- [AIM OF THE TASK]
Restate word for word the lines of the records below, starting at the line that contains "bounded_linear f /\" and ending at the line that contains "(K : X -> Y) : Prop", with both of those lines included and nothing else.

**** DATASET CONTENT ****

(* Let $(P)$ be a Banach space property (a class of Banach spaces closed under topological isomorphism). Let $X$ and $Y$ be Banach spaces and let $T\in B(X)$ and $S\in B(Y)$ be equivalent after extension, with $S$ compact. Suppose that $X$ transfers property $(P)$ to closed subspaces and that $(P)$ is preserved under direct sums with finite dimensional spaces. Then $Y$ has property $(P)$.
   Context: All Banach spaces are complex; $B(X,Y)$ denotes bounded linear operators; invertibility means bounded inverse; $X\oplus Y$ is the $\ell^2$-direct sum and $\mathrm{id}_X$ the identity. Operators $T\in B(X)$ and $S\in B(Y)$ are equivalent after extension if there exist Banach spaces $X'$, $Y'$ and invertible $E\in B(Y\oplus Y',X\oplus X')$, $F\in B(X\oplus X',Y\oplus Y')$ with $\begin{bmatrix}T&0\\0&\mathrm{id}_{X'}\end{bmatrix}=E\begin{bmatrix}S&0\\0&\mathrm{id}_{Y'}\end{bmatrix}F$. $X$ transfers property $(P)$ to closed subspaces if every closed subspace of $X$ has $(P)$. $(P)$ is preserved under direct sums with finite dimensional spaces if $Y\oplus Z$ has $(P)$ whenever $Y$ has $(P)$ and $Z$ is finite dimensional. *)

From Stdlib Require Import Reals Lra Psatz ProofIrrelevance.
Open Scope R_scope.

Record C := mkC { Re : R; Im : R }.
Definition Cadd (z w : C) : C := mkC (Re z + Re w) (Im z + Im w).
Definition Cmul (z w : C) : C :=
  mkC (Re z * Re w - Im z * Im w) (Re z * Im w + Im z * Re w).
Definition C0 : C := mkC 0 0.
Definition C1 : C := mkC 1 0.
Definition Cnorm (z : C) : R := sqrt (Re z ^ 2 + Im z ^ 2).

Lemma Cnorm_ge0 z : 0 <= Cnorm z.
Proof. apply sqrt_pos. Qed.

Record Banach := {
  car :> Type;
  bzero : car;
  badd : car -> car -> car;
  bopp : car -> car;
  bscal : C -> car -> car;
  bnorm : car -> R;
  badd_assoc : forall x y z, badd x (badd y z) = badd (badd x y) z;
  badd_comm : forall x y, badd x y = badd y x;
  badd_0 : forall x, badd bzero x = x;
  badd_opp : forall x, badd x (bopp x) = bzero;
  bscal_assoc : forall a b x, bscal a (bscal b x) = bscal (Cmul a b) x;
  bscal_1 : forall x, bscal C1 x = x;
  bscal_addl : forall a b x, bscal (Cadd a b) x = badd (bscal a x) (bscal b x);
  bscal_addr : forall a x y, bscal a (badd x y) = badd (bscal a x) (bscal a y);
  bnorm_ge0 : forall x, 0 <= bnorm x;
  bnorm_eq0 : forall x, bnorm x = 0 -> x = bzero;
  bnorm_scal : forall a x, bnorm (bscal a x) = Cnorm a * bnorm x;
  bnorm_tri : forall x y, bnorm (badd x y) <= bnorm x + bnorm y;
  bcomplete : forall u : nat -> car,
    (forall eps, 0 < eps -> exists N, forall m n, (N <= m)%nat -> (N <= n)%nat ->
        bnorm (badd (u m) (bopp (u n))) < eps) ->
    exists l, forall eps, 0 < eps -> exists N, forall n, (N <= n)%nat ->
        bnorm (badd (u n) (bopp l)) < eps
}.

Arguments bzero {b0}. Arguments badd {b0}. Arguments bopp {b0}.
Arguments bscal {b0}. Arguments bnorm {b0}.

Definition converges {X : Banach} (u : nat -> X) (l : X) : Prop :=
  forall eps, 0 < eps -> exists N, forall n, (N <= n)%nat ->
    bnorm (badd (u n) (bopp l)) < eps.

Lemma le_l2 a b : 0 <= a -> a <= sqrt (a ^ 2 + b ^ 2).
Proof.
  intros Ha. rewrite <- (sqrt_pow2 a Ha) at 1. apply sqrt_le_1_alt. nra.
Qed.

Lemma l2_le_sum a b : 0 <= a -> 0 <= b -> sqrt (a ^ 2 + b ^ 2) <= a + b.
Proof.
  intros Ha Hb. rewrite <- (sqrt_pow2 (a + b)) by lra. apply sqrt_le_1_alt. nra.
Qed.

Lemma l2_tri p q a b a' b' :
  0 <= p -> 0 <= q -> 0 <= a -> 0 <= b -> 0 <= a' -> 0 <= b' ->
  p <= a + a' -> q <= b + b' ->
  sqrt (p ^ 2 + q ^ 2) <= sqrt (a ^ 2 + b ^ 2) + sqrt (a' ^ 2 + b' ^ 2).
Proof.
  intros Hp Hq Ha Hb Ha' Hb' H1 H2.
  set (s := sqrt (a ^ 2 + b ^ 2)). set (t := sqrt (a' ^ 2 + b' ^ 2)).
  assert (Hs : 0 <= s) by apply sqrt_pos.
  assert (Ht : 0 <= t) by apply sqrt_pos.
  assert (Hs2 : s ^ 2 = a ^ 2 + b ^ 2) by (apply pow2_sqrt; nra).
  assert (Ht2 : t ^ 2 = a' ^ 2 + b' ^ 2) by (apply pow2_sqrt; nra).
  assert (Hst : a * a' + b * b' <= s * t).
  { destruct (Rle_lt_dec (a * a' + b * b') (s * t)) as [H|H]; [exact H|].
    exfalso.
    assert (Hpos : 0 <= s * t) by (apply Rmult_le_pos; assumption).
    assert (Hsq : (s * t) ^ 2 < (a * a' + b * b') ^ 2).
    { set (u := s * t) in *. set (w := a * a' + b * b') in *. simpl. nra. }
    assert ((s * t) ^ 2 = (a ^ 2 + b ^ 2) * (a' ^ 2 + b' ^ 2)).
    { rewrite Rpow_mult_distr, Hs2, Ht2. reflexivity. }
    assert (Hcs : (a * a' + b * b') ^ 2 <= (a ^ 2 + b ^ 2) * (a' ^ 2 + b' ^ 2)).
    { assert (0 <= (a * b' - b * a') ^ 2) by apply pow2_ge_0. simpl in *. nra. }
    lra. }
  rewrite <- (sqrt_pow2 (s + t)) by lra. apply sqrt_le_1_alt. nra.
Qed.

Section DSum.
Variables X Y : Banach.

Definition dnorm (p : X * Y) : R := sqrt (bnorm (fst p) ^ 2 + bnorm (snd p) ^ 2).

Definition dsum : Banach.
Proof.
  refine (@Build_Banach (X * Y)%type (bzero, bzero)
    (fun p q => (badd (fst p) (fst q), badd (snd p) (snd q)))
    (fun p => (bopp (fst p), bopp (snd p)))
    (fun a p => (bscal a (fst p), bscal a (snd p)))
    dnorm _ _ _ _ _ _ _ _ _ _ _ _ _).
  - intros [] [] []; simpl; f_equal; apply badd_assoc.
  - intros [] []; simpl; f_equal; apply badd_comm.
  - intros []; simpl; f_equal; apply badd_0.
  - intros []; simpl; f_equal; apply badd_opp.
  - intros a b []; simpl; f_equal; apply bscal_assoc.
  - intros []; simpl; f_equal; apply bscal_1.
  - intros a b []; simpl; f_equal; apply bscal_addl.
  - intros a [] []; simpl; f_equal; apply bscal_addr.
  - intros; apply sqrt_pos.
  - intros [x y]; unfold dnorm; cbn [fst snd]; intros H.
    pose proof (bnorm_ge0 X x). pose proof (bnorm_ge0 Y y).
    apply sqrt_eq_0 in H; [|nra].
    f_equal; apply bnorm_eq0; nra.
  - intros a [x y]; unfold dnorm; cbn [fst snd].
    rewrite !bnorm_scal, !Rpow_mult_distr, <- Rmult_plus_distr_l.
    rewrite sqrt_mult_alt by (apply pow2_ge_0).
    rewrite sqrt_pow2 by apply Cnorm_ge0. reflexivity.
  - intros [x y] [x' y']; unfold dnorm; cbn [fst snd].
    apply l2_tri; try apply bnorm_ge0; apply bnorm_tri.
  - intros u Hu.
    assert (HX : exists l, converges (fun n => fst (u n)) l).
    { apply bcomplete. intros eps He. destruct (Hu eps He) as [N HN].
      exists N. intros m n Hm Hn. eapply Rle_lt_trans; [|apply (HN m n Hm Hn)].
      unfold dnorm; cbn [fst snd]. apply le_l2, bnorm_ge0. }
    assert (HY : exists l, converges (fun n => snd (u n)) l).
    { apply bcomplete. intros eps He. destruct (Hu eps He) as [N HN].
      exists N. intros m n Hm Hn. eapply Rle_lt_trans; [|apply (HN m n Hm Hn)].
      unfold dnorm; cbn [fst snd]. rewrite Rplus_comm. apply le_l2, bnorm_ge0. }
    destruct HX as [l1 H1]. destruct HY as [l2 H2].
    exists (l1, l2). intros eps He.
    destruct (H1 (eps / 2)) as [N1 HN1]; [lra|].
    destruct (H2 (eps / 2)) as [N2 HN2]; [lra|].
    exists (N1 + N2)%nat. intros n Hn.
    specialize (HN1 n ltac:(lia)). specialize (HN2 n ltac:(lia)).
    unfold dnorm; cbn [fst snd].
    eapply Rle_lt_trans; [apply l2_le_sum; apply bnorm_ge0|]. lra.
Defined.
End DSum.

Record ClosedSubspace (X : Banach) := {
  smem : X -> Prop;
  smem_0 : smem bzero;
  smem_add : forall x y, smem x -> smem y -> smem (badd x y);
  smem_scal : forall a x, smem x -> smem (bscal a x);
  smem_closed : forall (u : nat -> X) l, (forall n, smem (u n)) -> converges u l -> smem l
}.
Arguments smem {X}.

Lemma badd_cancel (X : Banach) (x y z : X) : badd x z = badd y z -> x = y.
Proof.
  intros H.
  assert (E : badd (badd x z) (bopp z) = badd (badd y z) (bopp z)) by (rewrite H; reflexivity).
  rewrite <- !badd_assoc, badd_opp, !(badd_comm _ _ bzero), !badd_0 in E. exact E.
Qed.

Lemma bscal_0 (X : Banach) (x : X) : bscal C0 x = bzero.
Proof.
  apply (badd_cancel X _ _ (bscal C0 x)). rewrite <- bscal_addl, badd_0.
  unfold Cadd, C0; simpl. rewrite Rplus_0_l. reflexivity.
Qed.

Lemma bopp_scal (X : Banach) (x : X) : bopp x = bscal (mkC (-1) 0) x.
Proof.
  apply (badd_cancel X _ _ x). rewrite (badd_comm _ (bopp x)), badd_opp.
  rewrite <- (bscal_1 X x) at 2. rewrite <- bscal_addl.
  unfold Cadd, C1; simpl.
  replace (-1 + 1) with 0 by lra. replace (0 + 0) with 0 by lra.
  symmetry. apply bscal_0.
Qed.

Lemma smem_opp (X : Banach) (M : ClosedSubspace X) x : smem M x -> smem M (bopp x).
Proof. intros H; rewrite bopp_scal; apply smem_scal, H. Qed.

Lemma sig_eq {A : Type} {P : A -> Prop} (a b : {x : A | P x}) :
  proj1_sig a = proj1_sig b -> a = b.
Proof.
  destruct a as [a Ha], b as [b Hb]; simpl; intros ->.
  f_equal; apply proof_irrelevance.
Qed.

Section Sub.
Variables (X : Banach) (M : ClosedSubspace X).

Definition subBanach : Banach.
Proof.
  refine (@Build_Banach {x : X | smem M x}
    (exist _ bzero (smem_0 X M))
    (fun p q => exist _ (badd (proj1_sig p) (proj1_sig q))
                  (smem_add X M _ _ (proj2_sig p) (proj2_sig q)))
    (fun p => exist _ (bopp (proj1_sig p)) (smem_opp X M _ (proj2_sig p)))
    (fun a p => exist _ (bscal a (proj1_sig p)) (smem_scal X M a _ (proj2_sig p)))
    (fun p => bnorm (proj1_sig p)) _ _ _ _ _ _ _ _ _ _ _ _ _).
  - intros; apply sig_eq; simpl; apply badd_assoc.
  - intros; apply sig_eq; simpl; apply badd_comm.
  - intros; apply sig_eq; simpl; apply badd_0.
  - intros; apply sig_eq; simpl; apply badd_opp.
  - intros; apply sig_eq; simpl; apply bscal_assoc.
  - intros; apply sig_eq; simpl; apply bscal_1.
  - intros; apply sig_eq; simpl; apply bscal_addl.
  - intros; apply sig_eq; simpl; apply bscal_addr.
  - intros; apply bnorm_ge0.
  - intros [z Hz] H; apply sig_eq; simpl; apply bnorm_eq0, H.
  - intros; simpl; apply bnorm_scal.
  - intros; simpl; apply bnorm_tri.
  - intros u Hu.
    destruct (bcomplete X (fun n => proj1_sig (u n)) Hu) as [l Hl].
    assert (Hm : smem M l).
    { apply (smem_closed X M (fun n => proj1_sig (u n))); [intros n; apply proj2_sig | exact Hl]. }
    exists (exist _ l Hm). exact Hl.
Defined.
End Sub.

Definition bounded_linear {X Y : Banach} (f : X -> Y) : Prop :=
  (forall x y, f (badd x y) = badd (f x) (f y)) /\
  (forall a x, f (bscal a x) = bscal a (f x)) /\
  (exists M : R, forall x, bnorm (f x) <= M * bnorm x).

Definition invertible {X Y : Banach} (f : X -> Y) : Prop :=
  bounded_linear f /\
  exists g : Y -> X, bounded_linear g /\ (forall x, g (f x) = x) /\ (forall y, f (g y) = y).

Definition isomorphic (X Y : Banach) : Prop := exists f : X -> Y, invertible f.

Definition compact_op {X Y : Banach} (K : X -> Y) : Prop :=
  forall u : nat -> X, (forall n, bnorm (u n) <= 1) ->
    exists phi : nat -> nat, (forall n, (phi n < phi (S n))%nat) /\
      exists l : Y, converges (fun n => K (u (phi n))) l.

Fixpoint lincomb {X : Banach} (n : nat) (c : nat -> C) (v : nat -> X) : X :=
  match n with
  | O => bzero
  | S k => badd (lincomb k c v) (bscal (c k) (v k))
  end.

Definition finite_dimensional (Z : Banach) : Prop :=
  exists (n : nat) (v : nat -> Z), forall z : Z, exists c : nat -> C, z = lincomb n c v.

Definition banach_property (P : Banach -> Prop) : Prop :=
  forall X Y : Banach, isomorphic X Y -> P X -> P Y.

Definition transfers_to_closed_subspaces (P : Banach -> Prop) (X : Banach) : Prop :=
  forall M : ClosedSubspace X, P (subBanach X M).

Definition preserved_under_findim_sums (P : Banach -> Prop) : Prop :=
  forall Y Z : Banach, P Y -> finite_dimensional Z -> P (dsum Y Z).

Definition equivalent_after_extension {X Y : Banach} (T : X -> X) (S : Y -> Y) : Prop :=
  exists (X' Y' : Banach) (E : dsum Y Y' -> dsum X X') (F : dsum X X' -> dsum Y Y'),
    invertible E /\ invertible F /\
    forall p : dsum X X',
      ((T (fst p), snd p) : dsum X X') =
      E (let q := F p in ((S (fst q), snd q) : dsum Y Y')).

(** Unwinding the equivalence after extension, [I - K] factors through [X] as [L o a] with
    [K] compact. By Riesz theory, some power [B = (I - K)^q] has ascent and descent at most
    one, so [Y] is the direct sum of the closed range [R] of [B] and the finite-dimensional
    kernel of [B], and [B] is bounded below on [R]. Since [B] factors through [a] as well,
    [a] is bounded below on [R], hence maps [R] isomorphically onto a closed subspace of [X].
    Thus [Y] is isomorphic to (a closed subspace of [X]) (+) (a finite-dimensional space). *)

From Pilot Require Import Defs.
From Stdlib Require Import Reals Lra Lia Psatz Arith Classical ClassicalEpsilon.
Open Scope R_scope.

****

- [REPLY TO THE TASK]
  bounded_linear f /\
  exists g : Y -> X, bounded_linear g /\ (forall x, g (f x) = x) /\ (forall y, f (g y) = y).

Definition isomorphic (X Y : Banach) : Prop := exists f : X -> Y, invertible f.

Definition compact_op {X Y : Banach} (K : X -> Y) : Prop :=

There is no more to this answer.